Дальше в альбоме Нестерова мелькает еще немало схваченных на лету сюжетов, но завладевает художником только одна тема: девушка у колдуна. В альбоме следуют друг за другом
Для девушки потребовалось меньше отдельных этюдов, не больше девяти, при девятнадцати эскизах ее встречи с колдуном: образ ее был давно близок художественному воображению Нестерова. Это образ умершей жены, прошедший через облики сказочной «Царевны» и «Христовой невесты». Но и этот образ запечатлелся в альбоме художественно значительнее, чем на картине.
Сумрачные ели, высокая осока, болотные цветы – все, что нужно было для картины, тщательно прорисовывалось в альбом, ничего «приблизительного» Нестеров не терпел. Его поэтичная «осока» из альбома годилась бы в ботанический атлас: так она строго верна своей природной форме.
Художник исписал карандашными и чернильными этюдами весь альбом до внутренней крышки переплета включительно. Он так был поглощен «Приворотным зельем», что ни для каких сторонних зарисовок в альбоме уже не оставалось места. И лишь один лист – 20-й – уделен был другой, задуманной в ту же весну картине – знаменитому «Пустыннику».

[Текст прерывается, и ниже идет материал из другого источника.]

(* The join $\mathsf{BA}\vee\mathsf{SL}$ of $\mathsf{BA}$ and $\mathsf{SL}$ in the lattice of subvarieties of $V(\mathsf{BCA})$ equals $\mathsf{BA}\times\mathsf{SL}$. Here $\mathsf{BA}\times\mathsf{SL}$ is the class of all algebras isomorphic to a direct product $\mathbf{A}_1\times\mathbf{A}_2$ with $\mathbf{A}_1\in\mathsf{BA}$ and $\mathbf{A}_2\in\mathsf{SL}$.
   Context: $\mathbf{WK}^e$ is the three-element algebra on $\{0,\tfrac12,1\}$ of type $\langle\wedge,\vee,\neg,J_2,0,1\rangle$. Its operations are: - $\neg$ swaps $0,1$ and fixes $\tfrac12$; - $\wedge,\vee$ are Boolean on $\{0,1\}$ and return $\tfrac12$ if some argument is $\tfrac12$; - $J_2(1)=1$ and $J_2(\tfrac12)=J_2(0)=0$. $\mathsf{BCA}=ISP(\mathbf{WK}^e)$ and $V(\mathsf{BCA})=HSP(\mathbf{WK}^e)$. $\mathsf{BA}$ is the subvariety of $V(\mathsf{BCA})$ axiomatised relative to it by $J_2x\approx x$. $\mathsf{SL}$ is the subvariety axiomatised relative to it by $J_2x\approx1$. *)

Record alg := Alg {
  car :> Type;
  a_meet : car -> car -> car;
  a_join : car -> car -> car;
  a_neg  : car -> car;
  a_J2   : car -> car;
  a_zero : car;
  a_one  : car
}.

Arguments a_meet {a} _ _.
Arguments a_join {a} _ _.
Arguments a_neg {a} _.
Arguments a_J2 {a} _.
Arguments a_zero {a}.
Arguments a_one {a}.

Definition is_hom (A B : alg) (f : A -> B) : Prop :=
  (forall x y, f (a_meet x y) = a_meet (f x) (f y)) /\
  (forall x y, f (a_join x y) = a_join (f x) (f y)) /\
  (forall x, f (a_neg x) = a_neg (f x)) /\
  (forall x, f (a_J2 x) = a_J2 (f x)) /\
  f a_zero = a_zero /\
  f a_one = a_one.

Definition injective {X Y : Type} (f : X -> Y) : Prop :=
  forall x y, f x = f y -> x = y.
Definition surjective {X Y : Type} (f : X -> Y) : Prop :=
  forall y, exists x, f x = y.

Definition iso (A B : alg) : Prop :=
  exists f : A -> B, is_hom A B f /\ injective f /\ surjective f.

Definition prod_alg (I : Type) (B : I -> alg) : alg :=
  {| car := forall i, B i;
     a_meet := fun f g i => a_meet (f i) (g i);
     a_join := fun f g i => a_join (f i) (g i);
     a_neg  := fun f i => a_neg (f i);
     a_J2   := fun f i => a_J2 (f i);
     a_zero := fun i => a_zero;
     a_one  := fun i => a_one |}.

Definition prod2 (A1 A2 : alg) : alg :=
  {| car := (A1 * A2)%type;
     a_meet := fun p q => (a_meet (fst p) (fst q), a_meet (snd p) (snd q));
     a_join := fun p q => (a_join (fst p) (fst q), a_join (snd p) (snd q));
     a_neg  := fun p => (a_neg (fst p), a_neg (snd p));
     a_J2   := fun p => (a_J2 (fst p), a_J2 (snd p));
     a_zero := (a_zero, a_zero);
     a_one  := (a_one, a_one) |}.

Definition aclass := alg -> Prop.
(* On the lower barrier [m exp (s t)] each infected compartment is fed by the other faster
   than it decays. *)
Lemma escape_estimate c s m q x1 x2 x3 x4 :
  0 < c -> 0 < s -> 0 < m -> m < q -> m < c * q -> s < Sh0 -> s < Sv0 ->
  c * Sv0 * (muh + s) < Cvh * exp (- s * tau) * (Sh0 - s) ->
  muv + s < c * Chv * (Sv0 - s) ->
  solution (fun _ => Sh0) (fun _ => q) (fun _ => Sv0 - q) (fun _ => q) x1 x2 x3 x4 ->
  (forall t, 0 <= t -> Rabs (x1 t - Sh0) < s /\ Rabs (x3 t - Sv0) < s) ->
  forall t, 0 <= t -> m * exp (s * t) < x2 t.
Proof.
  intros Hc Hs Hm Hmq Hmcq HsH HsV J1 J2 Hsol Hstay.
  assert (HSh := Sh0_pos). assert (HSv := Sv0_pos).
  assert (HNV : forall t, - tau <= t -> x3 t + x4 t = Sv0).
  { intros t Ht. destruct (Rle_or_lt t 0) as [Hle|Hlt].
    - destruct Hsol as (_ & _ & _ & _ & Hinit & _). destruct (Hinit t ltac:(lra)) as (_ & _ & -> & ->). ring.
    - rewrite (solution_vector_total _ _ _ _ _ _ _ _ Hsol t) by lra.
      destruct Hsol as (_ & _ & _ & _ & Hinit & _).
      destruct (Hinit 0 ltac:(lra)) as (_ & _ & -> & ->). ring. }
  assert (Hx1d : forall t, 0 <= t -> Sh0 - s <= x1 (t - tau)).
  { intros t Ht. destruct (Rle_or_lt 0 (t - tau)) as [Hu|Hu].
    - destruct (Hstay (t - tau) Hu) as (T1 & _). apply Rabs_def2 in T1. lra.
    - destruct Hsol as (_ & _ & _ & _ & Hinit & _). destruct (Hinit (t - tau) ltac:(lra)) as (-> & _). lra. }
  assert (Hhist := fun t => escape_history q m s c x1 x2 x3 x4 t Hs Hm Hmq Hmcq Hsol).
  destruct (solution_cont_from _ _ _ _ _ _ _ _ Hsol) as (C1 & C2 & C3 & C4).
  destruct Hsol as (_ & _ & _ & _ & Hinit & Hder).
  set (G := fun t => m * exp (s * t)).
  set (h := fun (i : nat) t => match i with 0%nat => x2 t - G t | _ => c * x4 t - G t end).
  set (dh := fun (i : nat) t => match i with
    | 0%nat => Cvh * (x4 (t - tau) / (x3 (t - tau) + x4 (t - tau))) * x1 (t - tau) - muh * x2 t - s * G t
    | _ => c * (Chv * x2 t * x3 t - muv * x4 t) - s * G t end).
  assert (Hcases : forall (P : nat -> Prop), P 0%nat -> P 1%nat -> forall i, In i [0; 1]%nat -> P i).
  { intros P P0 P1 i [<-|[<-|[]]]; auto. }
  assert (Hpos : forall i t, In i [0; 1]%nat -> 0 <= t -> 0 < h i t).
  { apply (first_touch_positive [0; 1]%nat h dh).
    - apply Hcases; unfold h, G; apply cont_from_minus; auto using cont_from_scal, cont_from_exp_scal.
    - intros i t Hi Ht. destruct (Hder t Ht) as (_ & D2 & _ & D4).
      assert (DG : derivable_pt_lim G t (s * G t)).
      { unfold G. eapply dlim_eq; [apply dlim_scal, dlim_exp_scal|ring]. }
      revert i Hi. apply (Hcases (fun i => derivable_pt_lim (h i) t (dh i t))); unfold h, dh;
        apply dlim_minus; auto using dlim_scal.
    - assert (HG0 : G 0 = m) by (unfold G; rewrite Rmult_0_r, exp_0; ring).
      destruct (Hinit 0 ltac:(lra)) as (_ & E2 & _ & E4).
      apply (Hcases (fun i => 0 < h i 0)); unfold h; rewrite HG0; [rewrite E2|rewrite E4]; lra.
    - intros i t Hi Ht Hall.
      assert (Hh := Hhist t ltac:(intros u Hu; generalize (Hall 0%nat u ltac:(simpl; auto) Hu)
                                    (Hall 1%nat u ltac:(simpl; auto) Hu); unfold h, G; lra)).
      assert (HGd : G (t - tau) = G t * exp (- s * tau)).
      { unfold G. replace (s * (t - tau)) with (s * t + - s * tau) by ring. rewrite exp_plus. ring. }
      assert (HG : 0 < G t) by (apply Rmult_lt_0_compat; auto; apply exp_pos).
      destruct (Hstay t ltac:(lra)) as (_ & S3). apply Rabs_def2 in S3.
      revert i Hi. apply (Hcases (fun i => h i t = 0 -> 0 < dh i t)); unfold h, dh; intros Hz.
      + destruct (Hh (t - tau) ltac:(lra)) as (_ & Hx4d).
        change (G (t - tau) <= c * x4 (t - tau)) in Hx4d. rewrite HGd in Hx4d.
        rewrite HNV by lra. replace (x2 t) with (G t) by lra.
        assert (muh * G t + s * G t < Cvh * (x4 (t - tau) / Sv0) * x1 (t - tau)); [|lra].
        replace (muh * G t + s * G t) with ((muh + s) * G t) by ring.
        apply (incidence_feedback Cvh c Sv0 (muh + s) (exp (- s * tau)) (Sh0 - s));
          auto; try lra; [left; apply exp_pos|apply Hx1d; lra].
      + destruct (Hh t ltac:(lra)) as (Hx2 & _). change (G t <= x2 t) in Hx2.
        replace (c * (Chv * x2 t * x3 t - muv * x4 t) - s * G t)
          with (c * Chv * (x2 t / 1) * x3 t - muv * (c * x4 t) - s * G t) by (field; lra).
        replace (c * x4 t) with (G t) by lra.
        assert ((muv + s) * G t < c * Chv * (x2 t / 1) * x3 t); [|lra].
        apply (incidence_feedback (c * Chv) 1 1 (muv + s) 1 (Sv0 - s)); try lra; nra. }
  intros t Ht. specialize (Hpos 0%nat t ltac:(simpl; auto) Ht). unfold h, G in Hpos. lra.
Qed.

End HostVectorModel.

Lemma loc_asym_stable_of_exponential_bound bh bv muh muv Cvh Chv tau e1 e2 e3 e4 :
  (forall eps, 0 < eps -> exists d s, 0 < d /\ 0 < s /\
    forall p1 p2 p3 p4 x1 x2 x3 x4,
      phi_near tau p1 p2 p3 p4 e1 e2 e3 e4 d ->
      is_solution bh bv muh muv Cvh Chv tau p1 p2 p3 p4 x1 x2 x3 x4 ->
      forall t, 0 <= t ->
        Rabs (x1 t - e1) < eps * exp (- s * t) /\ Rabs (x2 t - e2) < eps * exp (- s * t) /\
        Rabs (x3 t - e3) < eps * exp (- s * t) /\ Rabs (x4 t - e4) < eps * exp (- s * t)) ->
  loc_asym_stable bh bv muh muv Cvh Chv tau e1 e2 e3 e4.
Proof.
  intros Hexp. split.
  - intros eps Heps. destruct (Hexp eps Heps) as [d [s [Hd [Hs Hb]]]].
    exists d. split; auto. intros p1 p2 p3 p4 x1 x2 x3 x4 _ Hnear Hsol t Ht.
    assert (Hle : eps * exp (- s * t) <= eps) by (generalize (exp_le_1 (- s * t) ltac:(nra)); nra).
    destruct (Hb p1 p2 p3 p4 x1 x2 x3 x4 Hnear Hsol t Ht) as (B1 & B2 & B3 & B4).
    repeat split; lra.
  - destruct (Hexp 1 Rlt_0_1) as [d [s [Hd [Hs Hb]]]].
    exists d. split; auto. intros p1 p2 p3 p4 x1 x2 x3 x4 _ Hnear Hsol eps Heps.
    exists (Rmax 0 (- ln eps / s)). intros t Ht.
    assert (Ht0 : 0 <= t) by (eapply Rle_trans; [apply Rmax_l|apply Ht]).
    assert (Hts : - ln eps / s <= t) by (eapply Rle_trans; [apply Rmax_r|apply Ht]).
    assert (Hsmall : 1 * exp (- s * t) <= eps).
    { rewrite Rmult_1_l, <- (exp_ln eps Heps). apply exp_le_exp.
      apply Rmult_le_compat_l with (r := s) in Hts; [|lra].
      replace (s * (- ln eps / s)) with (- ln eps) in Hts by (field; lra). lra. }
    destruct (Hb p1 p2 p3 p4 x1 x2 x3 x4 Hnear Hsol t Ht0) as (B1 & B2 & B3 & B4).
    repeat split; lra.
Qed.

В холщовом альбоме было собрано все, что надо, для композиции «Приворотного зелья». Пришло время перейти к масляным этюдам с натуры.
Нестеров поселился под Москвой, в Сергиевом посаде, в местности, изобиловавшей остатками старой Руси: богомольцами и богомолками из разных губерний.
Через много десятилетий Нестеров вспоминал: «Я недолго думая стал писать этюды для «Приворотного зелья». Работа шла ходко. Все, что надо, было под рукой. И я скоро имел почти все этюды к этой картине».
К началу сентября все этюды к «Приворотному зелью» были написаны.
17 сентября художник делился с сестрой самыми заветными ощущениями, вызванными новой работой: «Вот уже 4-й день, как я начал картину. Все лучшие силы мои теперь направлены на нее. Героиня моей оперы-картины отличается глубоко симпатичной наружностью: лицо ее носит, несмотря на молодые годы, отпечаток страдания. Она рыжая (в народе есть поверие, что если рыжая полюбит раз, то уж не разлюбит). Ее, кроме меня, никто не видел, но я сердечно сочувствую ей, и слезы участия готовы показаться на глазах при виде ее. Но… это вижу я… Художник с поднятым до максимума воображением или холодная, жаждущая крови публика – тут есть разница. Но, кроме шуток, мне мою героиню шаль от души. И если пойдет далее дело так же, как при начале, и я доживу до выставки, то, может быть, на мою долю выпадут некоторые аплодисменты, а впрочем?..»
Как видно из этих признаний, Нестеров, работая над своей картиной, был далек от намерения писать исторический жанр или иллюстрировать историческую драму или роман. Он писал свою картину так, как его учитель Перов писал свои «Похороны в деревне» или «Утопленницу» – с «глубокой безысходной скорбью» (выражение Нестерова) над человеческим страданием; он писал в буквальном смысле слова со слезами сочувствия.